Calculating Mine Probability in Minesweeper

2020 July 17

Background

In minesweeper, to calculate the probability that given square is a mine was proved to be #P-complete. I offer an exponential, heuristically improved approach to finding such probabilities.

How Mine Probability is Defined

Mine probability for a square X is defined as:

\[\frac{\text{number of mine configurations where X is a mine}}{\text{total number of mine configurations}}\]
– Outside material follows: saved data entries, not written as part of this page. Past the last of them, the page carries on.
Lemma dstar_dag_td : is_dag_td a (dstar side) bag.
Proof.
split.
- exact: dstar_tree.
- case=> [b|s] /=; first exact: centre_bag_sources.
  by case: ifP => [|_]; rewrite ?sub0set // inE sub1set => /andP[].
- move=> s src_s.
  case: (boolP (s \in centre_bag true)) => s1; first by exists (inl true).
  case: (boolP (s \in centre_bag false)) => s2; first by exists (inl false).
  have s_leaf : s \in leaves by rewrite in_setD in_setU negb_or s1 s2 src_s.
  by exists (inr s); rewrite /= s_leaf set11.
- move=> i j k /on_dstar_path[-> | -> | [jk [s [leaf_s ->]]]].
  + exact: subsetIl.
  + exact: subsetIr.
  + apply/subsetP => x /setIP[xj xk].
    case: leaf_s => leaf_s; subst.
      by apply: reach_leaf_side xj xk _; rewrite eq_sym.
    exact: reach_leaf_side xk xj _.
Qed.

Lemma dstar_width : td_width bag <= uphalf #|Vs|.
Proof.
apply/bigmax_leqP => -[b|s] _ /=; first exact: card_centre_bag.
case: ifP => _; rewrite ?cards0 // cards1; have := Vs_inhabited s; lia.
Qed.

Lemma dtw_le_uphalf : dtw_le a (uphalf #|Vs|).
Proof.
exists (dstar_node W), (dstar side), bag.
by split; [apply: dstar_dag_td | apply: dstar_width].
Qed.

End Decomposition.

Lemma sub_adj_into_inr (V : finType) (e : rel V) (F : {set {set V}}) x s :
  sub_adj e F x (inr s) -> exists u, x = inl u.
Proof. by case: x => [u|] //; exists u. Qed.

Theorem mainTheorem15 (V : finType) (e : rel V) (F : {set {set V}}) :
  symmetric e -> irreflexive e ->
  (forall s, s \in F -> exists u v, e u v /\ s = [set u; v]) ->
  dtw_undir_le (sub_adj e F) (uphalf #|V|).
Proof.
move=> _ _ F_edges a orient _.
pose Vs := [set inl v | v : V] : {set sub_vert F}.
have in_Vs v : inl v \in Vs by apply: imset_f.
have -> : #|V| = #|Vs| by rewrite card_imset ?cardsT // => ? ? [].
apply: dtw_le_uphalf.
- move=> x [v|s] /(orient x _).1 arc; first by rewrite in_Vs.
  by have [u ->] := sub_adj_into_inr arc.
- case=> [v|[s sF]]; apply/card_gt0P; first by exists (inl v).
  by have [u [_ [_ _]]] := F_edges s sF; exists (inl u).
Qed.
as each mine configuration has an equal chance of occurring. Let's look at an example board with 20 mines:

The above board has 10 equally likely configurations of mines:

All the configurations have the following in common:

The red squares are the squares where every configuration has a mine
The green square had no mine in any configuration

In a sense, it is possible "to deduce" that the red squares are mines, and the green square isn't a mine. For example, the top 3 red squares on the first row are all mines since the middle 3 has only 3 surrounding squares. Thus all three squares must have a mine.

Now what about calculating mine probabilities? For each square, let's count up how many out of the above 10 configurations have a mine:

It seems like the top-left square has probability \(\frac{4}{10}\) of being a mine since 4 out of 10 configurations have a mine there. As pointed out in this comment, this is incorrect; it turns out to be more complicated. Let's zoom out to see the entire board again.

zoomed out board cropped away cells highlighted

There are 75 squares which weren't accounted for previously (surrounded in red). Not all configurations of mines have the same number of mines, and thus aren't weighted equally. For example config_10_cropped has 8 mines, while config_1_cropped has 11 mines. Recall there are 20 total mines. We have to choose where to place the remaining mines among the 75 remaining squares. For example, since has 8 mines, we need to choose \(20 - 8\) squares out of the remaining 75 squares to place the remaining mines. The number of ways to do this is \(\binom{75}{20-8} = 26123889412400\). You can think of \(\binom{75}{20-8}\) as config_10_cropped 's "weight". Then, the fraction of "weighted" sums will give the correct mine probability for each square.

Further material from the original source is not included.